__Work to complete__
Restate verbatim the span of lines below between the line with "From mathcomp Require Import Rstruct." and the line with "Definition Wgen k", including those two lines, and only that span.

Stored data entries
(* Let $\mathcal{C}$ be a $k$-linear category with exponential algebraic growth. Then there exist an object $L$ of $\mathcal{C}$ and a finite set $\Sigma$ of morphisms of $\mathcal{C}$ such that $\limsup_n\frac1n\log\dim_k W_\Sigma(n;L)>0$.
   Context: For a $k$-linear category $\mathcal{C}$, finite set $\Sigma$ of morphisms and $n\ge1$, $W_\Sigma(n)\subset\bigoplus_{K,L}\hom(K,L)$ is the $k$-span of all composable words $a_1\cdots a_l$ with $a_i\in\Sigma$, $l\le n$, and $W_\Sigma(n;L)\subset\hom(L,L)$ is the span of those such words which are endomorphisms of $L$. $\mathcal{C}$ has exponential algebraic growth if $\limsup_n\frac1n\log\dim_k W_\Sigma(n)>0$ for some finite $\Sigma$. *)

From HB Require Import structures.
From mathcomp Require Import all_boot all_order all_algebra.
From mathcomp Require Import all_classical all_reals all_analysis.
From Stdlib Require List.
From Stdlib Require Import Rdefinitions.
From mathcomp Require Import Rstruct.

Set Implicit Arguments.
Unset Strict Implicit.
Unset Printing Implicit Defensive.
Import Order.TTheory GRing.Theory Num.Theory.
Local Open Scope ring_scope.

Record klinCat (k : fieldType) := KLinCat {
  Obj : Type;
  Hom : Obj -> Obj -> lmodType k;
  comp : forall A B C : Obj, Hom B C -> Hom A B -> Hom A C;
  idm : forall A : Obj, Hom A A;
  comp_idl : forall A B (f : Hom A B), comp (idm B) f = f;
  comp_idr : forall A B (f : Hom A B), comp f (idm A) = f;
  comp_assoc : forall A B C D (h : Hom C D) (g : Hom B C) (f : Hom A B),
      comp h (comp g f) = comp (comp h g) f;
  comp_linl : forall A B C (a : k) (g1 g2 : Hom B C) (f : Hom A B),
      comp (a *: g1 + g2) f = a *: comp g1 f + comp g2 f;
  comp_linr : forall A B C (a : k) (g : Hom B C) (f1 f2 : Hom A B),
      comp g (a *: f1 + f2) = a *: comp g f1 + comp g f2
}.

Arguments Obj {k}.
Arguments Hom {k} C : rename.
Arguments comp {k} C {A B C0} : rename.

Definition Mor k (C : klinCat k) := {K : Obj C & {L : Obj C & Hom C K L}}.

Definition mkMor k (C : klinCat k) (K L : Obj C) (f : Hom C K L) : Mor C :=
  existT _ K (existT _ L f).

Inductive isWord k (C : klinCat k) (S : seq (Mor C))
  : nat -> forall K L : Obj C, Hom C K L -> Prop :=
| isWord1 K L (f : Hom C K L) :
    List.In (mkMor f) S -> isWord S 1 f
| isWordS l K L M (f : Hom C K L) (g : Hom C L M) :
    isWord S l f -> List.In (mkMor g) S -> isWord S l.+1 (comp C g f).

(* Words of length 1 <= l <= n, as elements of (+)_{K,L} hom(K,L). *)
Definition Wgen k (C : klinCat k) (S : seq (Mor C)) (n : nat) : set (Mor C) :=
  fun x => exists l : nat, [/\ leq 1 l, leq l n &
      isWord S l (projT2 (projT2 x))].

Definition WgenL k (C : klinCat k) (S : seq (Mor C)) (n : nat) (L : Obj C)
  : set (Mor C) :=
  fun x => Wgen S n x /\ projT1 x = L /\ projT1 (projT2 x) = L.

(* The (K,L)-component of an element of (+)_{K,L} hom(K,L). *)
Definition comp_at k (C : klinCat k) (K L : Obj C) (x : Mor C) : Hom C K L :=
  match x with
  | existT K' (existT L' f) =>
    match pselect (K' = K) with
    | left e1 =>
      match pselect (L' = L) with
      | left e2 =>
          eq_rect L' (fun Y => Hom C K Y)
            (eq_rect K' (fun X => Hom C X L') f K e1) L e2
      | right _ => 0
      end
    | right _ => 0
    end
  end.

__Worked solution__
From mathcomp Require Import Rstruct.

Set Implicit Arguments.
Unset Strict Implicit.
Unset Printing Implicit Defensive.
Import Order.TTheory GRing.Theory Num.Theory.
Local Open Scope ring_scope.

Record klinCat (k : fieldType) := KLinCat {
  Obj : Type;
  Hom : Obj -> Obj -> lmodType k;
  comp : forall A B C : Obj, Hom B C -> Hom A B -> Hom A C;
  idm : forall A : Obj, Hom A A;
  comp_idl : forall A B (f : Hom A B), comp (idm B) f = f;
  comp_idr : forall A B (f : Hom A B), comp f (idm A) = f;
  comp_assoc : forall A B C D (h : Hom C D) (g : Hom B C) (f : Hom A B),
      comp h (comp g f) = comp (comp h g) f;
  comp_linl : forall A B C (a : k) (g1 g2 : Hom B C) (f : Hom A B),
      comp (a *: g1 + g2) f = a *: comp g1 f + comp g2 f;
  comp_linr : forall A B C (a : k) (g : Hom B C) (f1 f2 : Hom A B),
      comp g (a *: f1 + f2) = a *: comp g f1 + comp g f2
}.

Arguments Obj {k}.
Arguments Hom {k} C : rename.
Arguments comp {k} C {A B C0} : rename.

Definition Mor k (C : klinCat k) := {K : Obj C & {L : Obj C & Hom C K L}}.

Definition mkMor k (C : klinCat k) (K L : Obj C) (f : Hom C K L) : Mor C :=
  existT _ K (existT _ L f).

Inductive isWord k (C : klinCat k) (S : seq (Mor C))
  : nat -> forall K L : Obj C, Hom C K L -> Prop :=
| isWord1 K L (f : Hom C K L) :
    List.In (mkMor f) S -> isWord S 1 f
| isWordS l K L M (f : Hom C K L) (g : Hom C L M) :
    isWord S l f -> List.In (mkMor g) S -> isWord S l.+1 (comp C g f).

(* Words of length 1 <= l <= n, as elements of (+)_{K,L} hom(K,L). *)
Definition Wgen k (C : klinCat k) (S : seq (Mor C)) (n : nat) : set (Mor C) :=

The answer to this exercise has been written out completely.